DATA FOR PROCESSING START

(* For $d\ge1$ let $X[n,d]=|\{i\in L_n(1):\ \deg_n(i)=d\}|$ be the number of vertices of degree $d$ in the first level of $T_n$. Then $X[n,1],X[n,2],\dots$ are asymptotically i.i.d. Poisson with mean $1$: for every $d\ge1$, the random vector $(X[n,1],\dots,X[n,d])$ converges in distribution, as $n\to\infty$, to a vector of $d$ independent Poisson random variables each with mean $1$.
   Context: Uniform random recursive tree: start at step $0$ with the tree $T_0$ consisting of the single vertex $0$ (the root). At step $n\ge1$, a vertex is chosen uniformly at random among the existing vertices $0,1,\dots,n-1$, independently of the past, and a new vertex $n$ is added and joined by an edge to the chosen vertex; $T_n$ is the resulting tree on vertices $0,\dots,n$. $\deg_n(i)$ is the degree of vertex $i$ in $T_n$, and $L_n(1)$ is the set of vertices of $T_n$ at graph distance $1$ from the root (the neighbours of $0$). *)

From Stdlib Require Import Reals List Arith Bool.
Import ListNotations.
Open Scope R_scope.

(* A recursive tree T_n on vertices 0..n is encoded by its parent list
   t = [p_1; ...; p_n], where p_k < k is the vertex chosen at step k. *)
Definition parent (t : list nat) (k : nat) : nat := nth (k - 1) t 0%nat.

(* All recursive trees on n+1 vertices; each appears exactly once, and the
   uniform random recursive tree T_n is the uniform distribution on this list
   (each step chooses uniformly and independently among 0..k-1). *)
Fixpoint rrt (n : nat) : list (list nat) :=
  match n with
  | O => [[]]
  | S m => flat_map (fun t => map (fun p => t ++ [p]) (seq 0 (S m))) (rrt m)
  end.

Definition children_count (t : list nat) (i : nat) : nat :=
  length (filter (fun k => Nat.eqb (parent t k) i) (seq 1 (length t))).

Definition deg (t : list nat) (i : nat) : nat :=
  ((if Nat.eqb i 0 then 0 else 1) + children_count t i)%nat.

Definition in_level1 (t : list nat) (i : nat) : bool :=
  Nat.leb 1 i && Nat.leb i (length t) && Nat.eqb (parent t i) 0.

Definition Xlev (t : list nat) (d : nat) : nat :=
  length (filter (fun i => in_level1 t i && Nat.eqb (deg t i) d)
                 (seq 0 (S (length t)))).

Definition prob (n : nat) (E : list nat -> bool) : R :=
  INR (length (filter E (rrt n))) / INR (length (rrt n)).

Definition poisson1_cdf (k : nat) : R :=
  sum_f_R0 (fun j => exp (-1) / INR (fact j)) k.

(* Method of factorial moments.  For a multi-index r = (r_1, ..., r_D) let
   E_n[r] = E prod_j (X[n,j])_(r_j).  Vertex n+1 attaches to the root (X[.,1] grows by one),
   to a level-1 vertex of degree j (one unit of X moves from j to j+1), or elsewhere (no change);
   in falling factorials this gives
     E_(n+1)[r] = E_n[r] (1 - |r|/(n+1))
                  + (r_1 E_n[r - e_1] + sum_j r_(j+1) E_n[r + e_j - e_(j+1)]) / (n+1),
   with |r| = sum_j r_j.  The moments on the right have smaller weight sum_j j r_j, so by induction
   they tend to 1, hence so does E_n[r]: these are the factorial moments of independent Poisson(1)
   variables.  The recursion also gives 0 <= E_n[r] <= 1.  The distribution function is recovered
   one coordinate at a time from 1{x <= k} = sum_v c_k(v) (x)_v with
   c_k(v) = sum_(i <= k) (-1)^(v-i) / (i! (v-i)!); since sum_v |c_k(v)| < oo and the moments are
   bounded by 1, Tannery's theorem exchanges the limit with the sum. *)

From Stdlib Require Import Reals List Arith Bool Lia Lra FunctionalExtensionality.
Import ListNotations.
Local Open Scope nat_scope.

Fixpoint lsum {A} (l : list A) (h : A -> nat) : nat :=
  match l with [] => 0 | x :: l' => h x + lsum l' h end.

Fixpoint lprod {A} (l : list A) (h : A -> nat) : nat :=
  match l with [] => 1 | x :: l' => h x * lprod l' h end.

Definition fupd (h : nat -> nat) (i v : nat) : nat -> nat :=
  fun j => if j =? i then v else h j.

Lemma fupd_eq h i v : fupd h i v i = v.
Proof. unfold fupd. now rewrite Nat.eqb_refl. Qed.

Lemma fupd_neq h i v j : j <> i -> fupd h i v j = h j.
Proof. intros H. unfold fupd. apply Nat.eqb_neq in H. now rewrite H. Qed.

Lemma fupd_agree h h' i v : (forall j, j <> i -> h j = h' j) -> fupd h i v = fupd h' i v.
Proof.
  intros H. apply functional_extensionality. intros j. unfold fupd.
  destruct (Nat.eqb_spec j i); auto.
Qed.
(* Let $p>0$, $N\ge 2$, $1\le K\le N-1$, and let $\alpha_1,\dots,\alpha_N>0$ satisfy $$\sum_{j=1}^K\alpha_j^{-2/p}=\sum_{j=K+1}^N\alpha_j^{-2/p}.$$ Then there exists a one-parameter family of solutions $\Phi=(\phi_1,\dots,\phi_N)^T\in H^2_\Gamma$ of the stationary NLS equation $$-\phi_j''+\phi_j-(p+1)\alpha_j^2|\phi_j|^{2p}\phi_j=0\ \text{ on }\mathbb{R}^+,\quad j=1,\dots,N,$$ given by $$\phi_j(x)=\begin{cases}\alpha_j^{-1/p}\phi(x+a),& j=1,\dots,K,\\ \alpha_j^{-1/p}\phi(x-a),& j=K+1,\dots,N,\end{cases}$$ where $\phi(x)=\operatorname{sech}^{1/p}(px)$ and $a\in\mathbb{R}$ is arbitrary.
   Context: $\Gamma$ is a star graph of $N$ half-lines $\mathbb{R}^+$ joined at the vertex $x=0$. $H^1_\Gamma=\{\Psi\in\oplus_{j=1}^NH^1(\mathbb{R}^+):\alpha_1^{1/p}\psi_1(0)=\dots=\alpha_N^{1/p}\psi_N(0)\}$ and $H^2_\Gamma=\{\Psi\in\oplus_{j=1}^NH^2(\mathbb{R}^+)\cap H^1_\Gamma:\sum_{j=1}^N\alpha_j^{-1/p}\psi_j'(0)=0\}$ (one-sided values at $x=0$). *)

From Stdlib Require Import Reals.
From Coquelicot Require Import Coquelicot.
Open Scope R_scope.

Definition L2_halfline (g : R -> R) : Prop :=
  ex_RInt_gen (fun x => (g x)^2) (at_right 0) (Rbar_locally p_infty).

(* Membership of f (restricted to [0,+oo)) in H^2(R^+), for functions which
   are classically twice differentiable on (0,+oo):
   f continuous on [0,+oo), f and f' differentiable on (0,+oo),
   f, f', f'' square integrable on (0,+oo), and f' has a one-sided limit
   at 0 (the trace of f', needed for the Kirchhoff condition). *)
Definition H2_halfline (f : R -> R) : Prop :=
  (forall x, 0 <= x -> filterlim f (at_right x) (locally (f x))) /\
  (forall x, 0 < x -> ex_derive f x /\ ex_derive (Derive f) x) /\
  L2_halfline f /\ L2_halfline (Derive f) /\ L2_halfline (Derive (Derive f)).

Definition deriv_at_vertex (f : R -> R) (d : R) : Prop :=
  filterlim (Derive f) (at_right 0) (locally d).

Definition H2_Gamma (N : nat) (p : R) (alpha : nat -> R)
  (Psi : nat -> R -> R) : Prop :=
  (forall j, (j < N)%nat -> H2_halfline (Psi j)) /\
  (forall i j, (i < N)%nat -> (j < N)%nat ->
     Rpower (alpha i) (1 / p) * Psi i 0 = Rpower (alpha j) (1 / p) * Psi j 0) /\
  exists d : nat -> R,
    (forall j, (j < N)%nat -> deriv_at_vertex (Psi j) (d j)) /\
    sum_n_m (fun j => Rpower (alpha j) (- (1 / p)) * d j) 0 (N - 1) = 0.

Definition phi_sol (p x : R) : R := Rpower (/ cosh (p * x)) (1 / p).

(* With phi(y) = cosh(p y)^(-1/p) one computes phi' = - phi tanh(p y),
   phi'' = phi (1 - (1 + p) sech^2(p y)) and phi^(2p) = sech^2(p y), so phi solves
   -phi'' + phi - (p + 1) phi^(2p+1) = 0; the factor alpha_j^(-1/p) turns this into the
   equation on edge j because (alpha_j^(-1/p))^(2p) = alpha_j^(-2).  Evenness of phi gives
   the continuity condition at the vertex, and oddness of phi' reduces the Kirchhoff sum to
   phi'(a) (sum_(j<K) alpha_j^(-2/p) - sum_(j>=K) alpha_j^(-2/p)) = 0.  Finally
   cosh(p y) >= e^(p y) / 2 gives phi^2 <= 2^(2/p) e^(-2y), and |phi'|, |phi''| <= (1 + p) phi,
   so the L^2 integrals converge: a nonnegative integrand dominated by K e^(-k x) has a
   nondecreasing bounded primitive, hence a limit at +oo. *)

From Stdlib Require Import Reals Lra Lia Classical FunctionalExtensionality.
From Coquelicot Require Import Coquelicot.
Open Scope R_scope.

Lemma ex_derive_continuous_R (f : R -> R) (x : R) : ex_derive f x -> continuous f x.
Proof. apply (ex_derive_continuous (V := R_NormedModule)). Qed.

Lemma filterlim_at_right_continuous (f : R -> R) (x : R) :
  continuous f x -> filterlim f (at_right x) (locally (f x)).
Proof.
  intros Hf. eapply filterlim_filter_le_1; [apply filter_le_within | exact Hf].
Qed.

Lemma is_derive_scal_shift (g : R -> R) (c b x l : R) :
  is_derive g (x + b) l -> is_derive (fun x => c * g (x + b)) x (c * l).
Proof.
  intros Hg. apply is_derive_scal.
  replace l with (scal 1 l) by (unfold scal; simpl; unfold mult; simpl; ring).
  apply (is_derive_comp g (fun x => x + b)); [exact Hg |].
  auto_derive; [exact I | ring].
Qed.

Lemma Derive_scal_shift (g g' : R -> R) (c b : R) : (forall y, is_derive g y (g' y)) ->
  Derive (fun x => c * g (x + b)) = (fun x => c * g' (x + b)).
Proof.
  intros Hg. apply functional_extensionality. intros x.
  apply is_derive_unique, is_derive_scal_shift, Hg.
Qed.

Lemma filterlim_pinfty_increasing_bounded (F : R -> R) (M : R) :
  (forall u v, 0 <= u <= v -> F u <= F v) -> (forall v, 0 <= v -> F v <= M) ->
  exists L, filterlim F (Rbar_locally p_infty) (locally L).
Proof.
  intros Hmono Hbound.
  destruct (completeness (fun y => exists v, 0 <= v /\ y = F v)) as [L [Lub Lleast]].
  { exists M. intros y [v [hv ->]]. auto. }
  { exists (F 0), 0. split; lra. }
  exists L. apply filterlim_locally. intros eps.
  assert (Happrox : exists v0, 0 <= v0 /\ L - eps < F v0).
  { apply NNPP. intros Hno.
    assert (L <= L - eps).
    { apply Lleast. intros y [v [hv ->]]. apply Rnot_lt_le. intros Hlt. eauto. }
    pose proof (cond_pos eps). lra. }
  destruct Happrox as [v0 [hv0 Hv0]].
  exists v0. intros v Hv.
  assert (F v0 <= F v) by (apply Hmono; lra).
  assert (F v <= L) by (apply Lub; exists v; split; [lra | reflexivity]).
  apply Rabs_def1; unfold minus, plus, opp; simpl; lra.
Qed.

Lemma RInt_exp_decay_le (K k v : R) : 0 < k -> 0 <= K -> 0 <= v ->
  RInt (fun x => K * exp (- (k * x))) 0 v <= K / k.
Proof.
  intros hk hK hv.
  assert (Hprim : is_RInt (fun x => K * exp (- (k * x))) 0 v
                    (minus (- K / k * exp (- (k * v))) (- K / k * exp (- (k * 0))))).
  { apply (is_RInt_derive (fun x => - K / k * exp (- (k * x)))).
    - intros x _. auto_derive; [exact I | field; lra].
    - intros x _. apply ex_derive_continuous_R. auto_derive. exact I. }
  rewrite (is_RInt_unique (V := R_CompleteNormedModule) _ _ _ _ Hprim).
  unfold minus, plus, opp; simpl.
  rewrite Rmult_0_r, Ropp_0, exp_0.
  assert (0 <= K / k * exp (- (k * v))).
  { apply Rmult_le_pos; [apply Rdiv_le_0_compat | apply Rlt_le, exp_pos]; lra. }
  replace (- K / k) with (- (K / k)) by (field; lra). lra.
Qed.

Lemma ex_RInt_gen_exp_decay (f : R -> R) (K k : R) : 0 < k ->
  (forall x, continuous f x) -> (forall x, 0 <= x -> 0 <= f x <= K * exp (- (k * x))) ->
  ex_RInt_gen f (at_right 0) (Rbar_locally p_infty).
Proof.
  intros hk Hcont Hbound.
  assert (Hex : forall u v, ex_RInt f u v).
  { intros u v. apply (ex_RInt_continuous (V := R_CompleteNormedModule)).
    intros; apply Hcont. }
  set (F := fun v => RInt f 0 v).
  assert (HF : forall x, is_derive F x (f x)).
  { intros x. apply (is_derive_RInt _ _ 0); [| apply Hcont].
    apply filter_forall. intros y. apply (RInt_correct (V := R_CompleteNormedModule)), Hex. }
  assert (HK : 0 <= K).
  { destruct (Hbound 0 (Rle_refl 0)) as [H0 H1].
    rewrite Rmult_0_r, Ropp_0, exp_0 in H1. lra. }
  assert (Hmono : forall u v, 0 <= u <= v -> F u <= F v).
  { intros u v huv. unfold F.
    rewrite <- (RInt_Chasles (V := R_CompleteNormedModule) f 0 u v) by apply Hex.
    unfold plus; simpl.
    assert (0 <= RInt f u v).
    { apply RInt_ge_0; [lra | apply Hex | intros x hx; apply Hbound; lra]. }
    lra. }
  assert (Hbounded : forall v, 0 <= v -> F v <= K / k).
  { intros v hv. eapply Rle_trans; [| apply (RInt_exp_decay_le K k v); assumption].
    apply RInt_le; [assumption | apply Hex | |].
    - apply (ex_RInt_continuous (V := R_CompleteNormedModule)). intros x _.
      apply ex_derive_continuous_R. auto_derive. exact I.
    - intros x hx. apply Hbound. lra. }
  destruct (filterlim_pinfty_increasing_bounded F (K / k) Hmono Hbounded) as [L HL].
  exists (L - F 0).
  apply (is_RInt_gen_ext (Derive F)).
  { apply filter_forall. intros ab x _. apply is_derive_unique, HF. }
  apply is_RInt_gen_Derive; [apply filter_forall .. | | exact HL].
  - intros ab x _. eexists. apply HF.
  - intros ab x _. apply (continuous_ext f).
    + intros y. symmetry. apply is_derive_unique, HF.
    + apply Hcont.
  - apply filterlim_at_right_continuous, ex_derive_continuous_R. eexists. apply HF.
Qed.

DATA FOR PROCESSING END

_WHAT YOU ARE ASKED TO DO_
Your answer must be the lines above from the one containing "length (filter (fun k" to the one containing "E_n[r - e_1]", both included, restated word for word.

_RESPONSE TO THE EXERCISE_
  length (filter (fun k => Nat.eqb (parent t k) i) (seq 1 (length t))).

Definition deg (t : list nat) (i : nat) : nat :=
  ((if Nat.eqb i 0 then 0 else 1) + children_count t i)%nat.

Definition in_level1 (t : list nat) (i : nat) : bool :=
  Nat.leb 1 i && Nat.leb i (length t) && Nat.eqb (parent t i) 0.

Definition Xlev (t : list nat) (d : nat) : nat :=
  length (filter (fun i => in_level1 t i && Nat.eqb (deg t i) d)
                 (seq 0 (S (length t)))).

Definition prob (n : nat) (E : list nat -> bool) : R :=
  INR (length (filter E (rrt n))) / INR (length (rrt n)).

Definition poisson1_cdf (k : nat) : R :=
  sum_f_R0 (fun j => exp (-1) / INR (fact j)) k.

(* Method of factorial moments.  For a multi-index r = (r_1, ..., r_D) let
   E_n[r] = E prod_j (X[n,j])_(r_j).  Vertex n+1 attaches to the root (X[.,1] grows by one),
   to a level-1 vertex of degree j (one unit of X moves from j to j+1), or elsewhere (no change);
   in falling factorials this gives
     E_(n+1)[r] = E_n[r] (1 - |r|/(n+1))
                  + (r_1 E_n[r - e_1] + sum_j r_(j+1) E_n[r + e_j - e_(j+1)]) / (n+1),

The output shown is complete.